### WORK TASK
Scan the records below. List lines holding "exists".

(Data excerpts)
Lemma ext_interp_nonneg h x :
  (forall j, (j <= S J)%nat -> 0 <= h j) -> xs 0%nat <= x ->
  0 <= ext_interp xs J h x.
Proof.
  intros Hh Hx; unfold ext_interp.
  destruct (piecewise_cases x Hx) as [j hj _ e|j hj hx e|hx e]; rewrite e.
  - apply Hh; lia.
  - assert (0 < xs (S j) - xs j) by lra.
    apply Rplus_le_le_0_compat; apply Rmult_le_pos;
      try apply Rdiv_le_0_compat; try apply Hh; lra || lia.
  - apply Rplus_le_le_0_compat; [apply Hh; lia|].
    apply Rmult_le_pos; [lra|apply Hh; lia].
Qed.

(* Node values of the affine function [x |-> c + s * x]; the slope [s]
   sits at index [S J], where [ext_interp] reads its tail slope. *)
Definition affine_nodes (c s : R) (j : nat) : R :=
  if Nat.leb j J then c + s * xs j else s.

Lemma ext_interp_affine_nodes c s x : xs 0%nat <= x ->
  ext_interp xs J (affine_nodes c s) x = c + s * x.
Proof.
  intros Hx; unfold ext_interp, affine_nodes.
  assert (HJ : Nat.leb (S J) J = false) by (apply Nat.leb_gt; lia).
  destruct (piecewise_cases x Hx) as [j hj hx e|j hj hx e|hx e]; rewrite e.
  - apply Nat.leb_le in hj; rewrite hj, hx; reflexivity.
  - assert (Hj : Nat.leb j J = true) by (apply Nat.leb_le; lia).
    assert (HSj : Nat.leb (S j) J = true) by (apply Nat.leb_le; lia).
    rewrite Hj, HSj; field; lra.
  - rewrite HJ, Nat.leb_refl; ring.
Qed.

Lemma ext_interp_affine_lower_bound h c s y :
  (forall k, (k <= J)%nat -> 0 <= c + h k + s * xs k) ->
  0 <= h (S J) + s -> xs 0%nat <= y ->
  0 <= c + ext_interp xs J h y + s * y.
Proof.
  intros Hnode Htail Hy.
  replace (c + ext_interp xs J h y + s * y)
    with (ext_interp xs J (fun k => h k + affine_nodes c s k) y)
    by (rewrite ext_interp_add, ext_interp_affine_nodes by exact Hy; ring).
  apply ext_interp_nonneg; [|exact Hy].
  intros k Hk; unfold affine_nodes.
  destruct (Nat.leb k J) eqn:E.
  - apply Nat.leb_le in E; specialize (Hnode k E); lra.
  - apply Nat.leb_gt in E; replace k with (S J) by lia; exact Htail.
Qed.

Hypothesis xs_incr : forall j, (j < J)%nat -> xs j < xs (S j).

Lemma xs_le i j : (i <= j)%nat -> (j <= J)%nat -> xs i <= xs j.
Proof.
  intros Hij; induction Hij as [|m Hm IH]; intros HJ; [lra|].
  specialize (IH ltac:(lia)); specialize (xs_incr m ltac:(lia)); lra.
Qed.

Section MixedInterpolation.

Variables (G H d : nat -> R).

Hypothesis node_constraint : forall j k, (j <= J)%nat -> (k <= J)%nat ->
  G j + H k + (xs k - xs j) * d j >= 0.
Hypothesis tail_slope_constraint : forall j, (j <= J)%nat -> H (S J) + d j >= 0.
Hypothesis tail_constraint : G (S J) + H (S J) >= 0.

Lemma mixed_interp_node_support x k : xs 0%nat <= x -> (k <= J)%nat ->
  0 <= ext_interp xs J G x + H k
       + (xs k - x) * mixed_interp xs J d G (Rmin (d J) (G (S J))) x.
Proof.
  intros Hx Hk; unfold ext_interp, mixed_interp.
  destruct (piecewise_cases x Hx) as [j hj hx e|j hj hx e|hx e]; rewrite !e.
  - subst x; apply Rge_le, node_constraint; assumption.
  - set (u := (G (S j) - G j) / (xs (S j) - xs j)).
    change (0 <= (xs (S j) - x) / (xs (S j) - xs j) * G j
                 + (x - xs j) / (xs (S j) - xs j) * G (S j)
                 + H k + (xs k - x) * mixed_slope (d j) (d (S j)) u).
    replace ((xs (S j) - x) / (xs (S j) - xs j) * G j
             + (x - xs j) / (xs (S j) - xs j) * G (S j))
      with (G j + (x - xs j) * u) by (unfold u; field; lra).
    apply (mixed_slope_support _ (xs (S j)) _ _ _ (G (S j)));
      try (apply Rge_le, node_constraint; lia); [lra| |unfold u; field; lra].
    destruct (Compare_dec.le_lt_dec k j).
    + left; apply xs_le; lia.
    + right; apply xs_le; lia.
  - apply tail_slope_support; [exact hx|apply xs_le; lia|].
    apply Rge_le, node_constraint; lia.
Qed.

--

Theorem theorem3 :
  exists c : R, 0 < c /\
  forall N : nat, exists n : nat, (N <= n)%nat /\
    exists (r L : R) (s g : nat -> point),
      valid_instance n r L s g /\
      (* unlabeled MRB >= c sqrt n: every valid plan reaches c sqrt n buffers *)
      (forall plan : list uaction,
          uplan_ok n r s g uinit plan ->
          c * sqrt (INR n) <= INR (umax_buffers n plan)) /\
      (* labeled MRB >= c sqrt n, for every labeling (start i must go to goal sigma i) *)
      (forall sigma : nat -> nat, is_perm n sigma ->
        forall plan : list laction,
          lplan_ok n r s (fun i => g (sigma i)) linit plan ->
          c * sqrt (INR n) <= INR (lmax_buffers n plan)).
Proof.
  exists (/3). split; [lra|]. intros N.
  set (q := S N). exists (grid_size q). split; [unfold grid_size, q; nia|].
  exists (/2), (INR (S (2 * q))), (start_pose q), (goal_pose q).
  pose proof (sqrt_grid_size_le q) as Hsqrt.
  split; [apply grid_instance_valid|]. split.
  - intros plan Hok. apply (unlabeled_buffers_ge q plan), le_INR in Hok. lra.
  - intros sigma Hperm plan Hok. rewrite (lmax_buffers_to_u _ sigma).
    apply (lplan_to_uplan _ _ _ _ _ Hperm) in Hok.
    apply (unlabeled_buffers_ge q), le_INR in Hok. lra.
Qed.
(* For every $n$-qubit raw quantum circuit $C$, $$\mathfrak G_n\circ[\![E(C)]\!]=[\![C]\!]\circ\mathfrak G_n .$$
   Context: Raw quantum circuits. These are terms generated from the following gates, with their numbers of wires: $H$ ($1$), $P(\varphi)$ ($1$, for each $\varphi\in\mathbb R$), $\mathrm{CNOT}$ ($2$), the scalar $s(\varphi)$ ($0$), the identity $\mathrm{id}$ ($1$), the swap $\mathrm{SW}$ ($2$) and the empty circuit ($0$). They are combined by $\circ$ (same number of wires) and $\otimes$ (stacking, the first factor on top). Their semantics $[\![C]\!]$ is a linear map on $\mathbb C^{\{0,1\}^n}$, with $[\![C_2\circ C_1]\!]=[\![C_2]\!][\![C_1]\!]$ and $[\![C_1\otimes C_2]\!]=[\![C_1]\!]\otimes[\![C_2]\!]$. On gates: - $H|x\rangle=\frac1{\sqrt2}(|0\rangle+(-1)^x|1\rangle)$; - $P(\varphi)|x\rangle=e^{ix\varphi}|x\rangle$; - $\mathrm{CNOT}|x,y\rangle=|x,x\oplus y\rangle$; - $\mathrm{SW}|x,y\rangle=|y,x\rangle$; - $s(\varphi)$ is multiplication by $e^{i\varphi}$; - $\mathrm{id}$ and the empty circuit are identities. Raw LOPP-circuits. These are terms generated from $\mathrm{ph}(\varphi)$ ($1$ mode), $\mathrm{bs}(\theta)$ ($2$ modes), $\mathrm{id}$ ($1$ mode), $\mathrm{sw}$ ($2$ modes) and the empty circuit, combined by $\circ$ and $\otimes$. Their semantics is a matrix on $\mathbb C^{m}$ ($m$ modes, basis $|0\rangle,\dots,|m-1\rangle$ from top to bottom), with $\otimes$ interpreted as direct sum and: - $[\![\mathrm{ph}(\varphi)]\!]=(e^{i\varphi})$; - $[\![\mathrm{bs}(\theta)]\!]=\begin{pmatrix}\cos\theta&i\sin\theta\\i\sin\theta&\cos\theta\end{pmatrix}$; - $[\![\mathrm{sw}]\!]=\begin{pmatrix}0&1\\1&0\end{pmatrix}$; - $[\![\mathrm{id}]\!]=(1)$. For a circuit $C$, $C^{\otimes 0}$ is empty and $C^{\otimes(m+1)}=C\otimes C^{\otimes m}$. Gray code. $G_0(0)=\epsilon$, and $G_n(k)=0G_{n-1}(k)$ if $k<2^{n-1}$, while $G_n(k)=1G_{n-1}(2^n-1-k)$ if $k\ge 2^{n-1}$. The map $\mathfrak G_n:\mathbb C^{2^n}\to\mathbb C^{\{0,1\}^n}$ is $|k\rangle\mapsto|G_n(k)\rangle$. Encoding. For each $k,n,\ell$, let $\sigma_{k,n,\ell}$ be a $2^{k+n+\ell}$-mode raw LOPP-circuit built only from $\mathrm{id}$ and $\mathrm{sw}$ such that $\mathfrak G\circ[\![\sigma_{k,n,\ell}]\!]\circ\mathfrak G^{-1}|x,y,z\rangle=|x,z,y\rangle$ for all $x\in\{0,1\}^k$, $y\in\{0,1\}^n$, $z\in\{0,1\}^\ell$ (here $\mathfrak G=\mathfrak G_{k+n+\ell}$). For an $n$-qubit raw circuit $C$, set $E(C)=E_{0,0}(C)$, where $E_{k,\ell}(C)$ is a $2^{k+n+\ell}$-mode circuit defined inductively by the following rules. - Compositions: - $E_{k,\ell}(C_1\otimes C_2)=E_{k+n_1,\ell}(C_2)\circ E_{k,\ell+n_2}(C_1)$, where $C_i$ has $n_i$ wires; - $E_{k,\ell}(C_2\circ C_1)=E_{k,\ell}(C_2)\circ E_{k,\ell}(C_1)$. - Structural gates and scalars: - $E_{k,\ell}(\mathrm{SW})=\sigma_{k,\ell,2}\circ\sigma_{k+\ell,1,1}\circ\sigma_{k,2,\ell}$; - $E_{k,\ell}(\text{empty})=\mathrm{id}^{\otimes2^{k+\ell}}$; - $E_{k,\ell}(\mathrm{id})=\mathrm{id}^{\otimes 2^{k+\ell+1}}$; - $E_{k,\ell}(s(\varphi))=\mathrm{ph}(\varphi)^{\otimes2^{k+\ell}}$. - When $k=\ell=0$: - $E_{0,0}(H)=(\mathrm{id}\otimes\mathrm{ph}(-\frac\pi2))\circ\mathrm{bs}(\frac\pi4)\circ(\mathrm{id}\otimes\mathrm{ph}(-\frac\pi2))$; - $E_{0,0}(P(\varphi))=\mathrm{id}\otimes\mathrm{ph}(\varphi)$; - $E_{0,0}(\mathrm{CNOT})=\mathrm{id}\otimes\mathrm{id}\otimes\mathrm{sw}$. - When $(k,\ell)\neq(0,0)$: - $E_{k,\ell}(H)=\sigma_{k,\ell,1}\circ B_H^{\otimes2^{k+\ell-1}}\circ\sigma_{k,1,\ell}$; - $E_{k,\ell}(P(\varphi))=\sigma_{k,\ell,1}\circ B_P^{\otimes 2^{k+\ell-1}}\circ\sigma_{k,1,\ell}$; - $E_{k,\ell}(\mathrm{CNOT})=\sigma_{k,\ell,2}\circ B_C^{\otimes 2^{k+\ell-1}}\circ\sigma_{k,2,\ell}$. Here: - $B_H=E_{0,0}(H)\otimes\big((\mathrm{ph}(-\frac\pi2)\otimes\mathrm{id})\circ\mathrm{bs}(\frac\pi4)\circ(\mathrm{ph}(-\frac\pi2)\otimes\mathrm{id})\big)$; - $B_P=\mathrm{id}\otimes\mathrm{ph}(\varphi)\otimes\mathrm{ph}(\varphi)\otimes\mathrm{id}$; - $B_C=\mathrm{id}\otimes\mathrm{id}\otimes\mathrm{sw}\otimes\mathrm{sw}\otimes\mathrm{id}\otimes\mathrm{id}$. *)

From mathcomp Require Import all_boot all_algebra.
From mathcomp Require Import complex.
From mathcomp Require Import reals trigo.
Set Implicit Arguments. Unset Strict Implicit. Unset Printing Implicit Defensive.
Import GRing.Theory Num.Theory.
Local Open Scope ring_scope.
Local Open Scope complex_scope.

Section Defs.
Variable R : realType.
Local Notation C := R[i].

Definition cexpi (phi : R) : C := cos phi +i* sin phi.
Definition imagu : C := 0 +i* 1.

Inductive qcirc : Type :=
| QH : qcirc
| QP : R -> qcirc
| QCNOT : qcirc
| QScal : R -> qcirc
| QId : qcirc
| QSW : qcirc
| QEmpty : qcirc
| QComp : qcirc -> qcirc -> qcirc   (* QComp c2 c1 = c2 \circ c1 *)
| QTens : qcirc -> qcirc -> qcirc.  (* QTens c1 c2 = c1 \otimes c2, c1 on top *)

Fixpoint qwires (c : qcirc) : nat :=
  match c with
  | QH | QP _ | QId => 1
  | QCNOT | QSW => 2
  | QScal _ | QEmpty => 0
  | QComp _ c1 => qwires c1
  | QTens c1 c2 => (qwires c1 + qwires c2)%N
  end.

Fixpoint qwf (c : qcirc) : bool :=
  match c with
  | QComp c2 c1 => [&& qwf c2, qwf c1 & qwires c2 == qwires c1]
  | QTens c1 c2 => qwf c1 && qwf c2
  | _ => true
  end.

### EXERCISE OUTPUT
  exists c : R, 0 < c /\
  forall N : nat, exists n : nat, (N <= n)%nat /\
    exists (r L : R) (s g : nat -> point),
  exists (/3). split; [lra|]. intros N.
  set (q := S N). exists (grid_size q). split; [unfold grid_size, q; nia|].
  exists (/2), (INR (S (2 * q))), (start_pose q), (goal_pose q).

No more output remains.